*The task*.
What the task needs is every record repeated exactly, nothing more.

========

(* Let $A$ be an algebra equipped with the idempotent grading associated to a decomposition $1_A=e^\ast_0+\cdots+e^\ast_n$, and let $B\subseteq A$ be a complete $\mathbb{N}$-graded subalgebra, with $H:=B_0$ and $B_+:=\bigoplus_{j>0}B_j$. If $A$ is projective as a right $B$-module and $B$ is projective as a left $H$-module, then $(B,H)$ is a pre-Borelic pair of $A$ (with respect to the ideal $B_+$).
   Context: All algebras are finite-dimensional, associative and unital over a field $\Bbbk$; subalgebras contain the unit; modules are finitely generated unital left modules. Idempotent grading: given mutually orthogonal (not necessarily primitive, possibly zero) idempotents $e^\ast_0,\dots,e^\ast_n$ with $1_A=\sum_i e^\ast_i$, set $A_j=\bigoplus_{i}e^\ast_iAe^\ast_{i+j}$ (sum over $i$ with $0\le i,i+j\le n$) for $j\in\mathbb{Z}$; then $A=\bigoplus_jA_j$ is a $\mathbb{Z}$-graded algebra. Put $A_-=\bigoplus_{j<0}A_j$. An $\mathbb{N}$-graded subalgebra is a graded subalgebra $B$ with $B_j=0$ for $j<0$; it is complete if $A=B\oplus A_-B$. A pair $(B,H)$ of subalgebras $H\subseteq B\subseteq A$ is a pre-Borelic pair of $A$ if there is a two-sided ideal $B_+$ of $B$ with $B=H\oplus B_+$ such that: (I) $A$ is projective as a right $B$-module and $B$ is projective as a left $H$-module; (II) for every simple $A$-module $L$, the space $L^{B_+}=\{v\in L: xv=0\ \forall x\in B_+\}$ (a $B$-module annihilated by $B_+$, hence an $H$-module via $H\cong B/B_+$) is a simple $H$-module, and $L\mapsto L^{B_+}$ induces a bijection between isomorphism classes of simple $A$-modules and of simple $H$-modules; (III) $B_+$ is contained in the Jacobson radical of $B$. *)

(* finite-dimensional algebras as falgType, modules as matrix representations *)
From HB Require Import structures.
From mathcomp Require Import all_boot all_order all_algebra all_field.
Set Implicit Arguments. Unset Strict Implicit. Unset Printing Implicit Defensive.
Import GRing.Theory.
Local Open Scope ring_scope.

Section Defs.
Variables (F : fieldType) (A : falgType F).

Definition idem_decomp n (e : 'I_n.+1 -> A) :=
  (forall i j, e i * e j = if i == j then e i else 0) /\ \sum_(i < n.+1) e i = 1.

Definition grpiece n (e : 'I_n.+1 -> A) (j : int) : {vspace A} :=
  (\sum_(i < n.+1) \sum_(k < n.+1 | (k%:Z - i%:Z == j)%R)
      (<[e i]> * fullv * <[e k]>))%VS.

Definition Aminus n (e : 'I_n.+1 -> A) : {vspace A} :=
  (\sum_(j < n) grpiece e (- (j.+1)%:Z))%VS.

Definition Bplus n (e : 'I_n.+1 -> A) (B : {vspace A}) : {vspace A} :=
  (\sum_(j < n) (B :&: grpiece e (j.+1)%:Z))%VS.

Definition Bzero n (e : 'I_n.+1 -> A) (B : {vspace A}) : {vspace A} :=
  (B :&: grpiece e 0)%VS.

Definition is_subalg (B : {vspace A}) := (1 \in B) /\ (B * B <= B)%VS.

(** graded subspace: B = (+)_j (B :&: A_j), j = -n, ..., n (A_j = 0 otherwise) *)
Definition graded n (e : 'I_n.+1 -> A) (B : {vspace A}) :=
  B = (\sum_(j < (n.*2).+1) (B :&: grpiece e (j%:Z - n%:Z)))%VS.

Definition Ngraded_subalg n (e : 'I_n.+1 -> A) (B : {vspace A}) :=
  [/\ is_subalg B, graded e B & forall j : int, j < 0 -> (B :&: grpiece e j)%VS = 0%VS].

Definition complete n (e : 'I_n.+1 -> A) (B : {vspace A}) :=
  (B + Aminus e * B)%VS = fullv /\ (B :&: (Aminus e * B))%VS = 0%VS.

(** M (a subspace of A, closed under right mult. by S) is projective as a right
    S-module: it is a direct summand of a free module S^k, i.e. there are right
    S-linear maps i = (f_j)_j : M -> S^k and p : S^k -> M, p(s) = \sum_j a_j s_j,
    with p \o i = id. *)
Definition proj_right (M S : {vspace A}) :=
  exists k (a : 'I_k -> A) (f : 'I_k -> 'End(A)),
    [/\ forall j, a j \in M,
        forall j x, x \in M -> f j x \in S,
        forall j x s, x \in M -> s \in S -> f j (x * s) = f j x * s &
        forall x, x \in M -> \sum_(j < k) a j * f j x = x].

========

*Expected output*.
(* Let $A$ be an algebra equipped with the idempotent grading associated to a decomposition $1_A=e^\ast_0+\cdots+e^\ast_n$, and let $B\subseteq A$ be a complete $\mathbb{N}$-graded subalgebra, with $H:=B_0$ and $B_+:=\bigoplus_{j>0}B_j$. If $A$ is projective as a right $B$-module and $B$ is projective as a left $H$-module, then $(B,H)$ is a pre-Borelic pair of $A$ (with respect to the ideal $B_+$).
   Context: All algebras are finite-dimensional, associative and unital over a field $\Bbbk$; subalgebras contain the unit; modules are finitely generated unital left modules. Idempotent grading: given mutually orthogonal (not necessarily primitive, possibly zero) idempotents $e^\ast_0,\dots,e^\ast_n$ with $1_A=\sum_i e^\ast_i$, set $A_j=\bigoplus_{i}e^\ast_iAe^\ast_{i+j}$ (sum over $i$ with $0\le i,i+j\le n$) for $j\in\mathbb{Z}$; then $A=\bigoplus_jA_j$ is a $\mathbb{Z}$-graded algebra. Put $A_-=\bigoplus_{j<0}A_j$. An $\mathbb{N}$-graded subalgebra is a graded subalgebra $B$ with $B_j=0$ for $j<0$; it is complete if $A=B\oplus A_-B$. A pair $(B,H)$ of subalgebras $H\subseteq B\subseteq A$ is a pre-Borelic pair of $A$ if there is a two-sided ideal $B_+$ of $B$ with $B=H\oplus B_+$ such that: (I) $A$ is projective as a right $B$-module and $B$ is projective as a left $H$-module; (II) for every simple $A$-module $L$, the space $L^{B_+}=\{v\in L: xv=0\ \forall x\in B_+\}$ (a $B$-module annihilated by $B_+$, hence an $H$-module via $H\cong B/B_+$) is a simple $H$-module, and $L\mapsto L^{B_+}$ induces a bijection between isomorphism classes of simple $A$-modules and of simple $H$-modules; (III) $B_+$ is contained in the Jacobson radical of $B$. *)

(* finite-dimensional algebras as falgType, modules as matrix representations *)
From HB Require Import structures.
From mathcomp Require Import all_boot all_order all_algebra all_field.
Set Implicit Arguments. Unset Strict Implicit. Unset Printing Implicit Defensive.
Import GRing.Theory.
Local Open Scope ring_scope.

Section Defs.
Variables (F : fieldType) (A : falgType F).

Definition idem_decomp n (e : 'I_n.+1 -> A) :=
  (forall i j, e i * e j = if i == j then e i else 0) /\ \sum_(i < n.+1) e i = 1.

Definition grpiece n (e : 'I_n.+1 -> A) (j : int) : {vspace A} :=
  (\sum_(i < n.+1) \sum_(k < n.+1 | (k%:Z - i%:Z == j)%R)
      (<[e i]> * fullv * <[e k]>))%VS.

Definition Aminus n (e : 'I_n.+1 -> A) : {vspace A} :=
  (\sum_(j < n) grpiece e (- (j.+1)%:Z))%VS.

Definition Bplus n (e : 'I_n.+1 -> A) (B : {vspace A}) : {vspace A} :=
  (\sum_(j < n) (B :&: grpiece e (j.+1)%:Z))%VS.

Definition Bzero n (e : 'I_n.+1 -> A) (B : {vspace A}) : {vspace A} :=
  (B :&: grpiece e 0)%VS.

Definition is_subalg (B : {vspace A}) := (1 \in B) /\ (B * B <= B)%VS.

(** graded subspace: B = (+)_j (B :&: A_j), j = -n, ..., n (A_j = 0 otherwise) *)
Definition graded n (e : 'I_n.+1 -> A) (B : {vspace A}) :=
  B = (\sum_(j < (n.*2).+1) (B :&: grpiece e (j%:Z - n%:Z)))%VS.

Definition Ngraded_subalg n (e : 'I_n.+1 -> A) (B : {vspace A}) :=
  [/\ is_subalg B, graded e B & forall j : int, j < 0 -> (B :&: grpiece e j)%VS = 0%VS].

Definition complete n (e : 'I_n.+1 -> A) (B : {vspace A}) :=
  (B + Aminus e * B)%VS = fullv /\ (B :&: (Aminus e * B))%VS = 0%VS.

(** M (a subspace of A, closed under right mult. by S) is projective as a right
    S-module: it is a direct summand of a free module S^k, i.e. there are right
    S-linear maps i = (f_j)_j : M -> S^k and p : S^k -> M, p(s) = \sum_j a_j s_j,
    with p \o i = id. *)
Definition proj_right (M S : {vspace A}) :=
  exists k (a : 'I_k -> A) (f : 'I_k -> 'End(A)),
    [/\ forall j, a j \in M,
        forall j x, x \in M -> f j x \in S,
        forall j x s, x \in M -> s \in S -> f j (x * s) = f j x * s &
        forall x, x \in M -> \sum_(j < k) a j * f j x = x].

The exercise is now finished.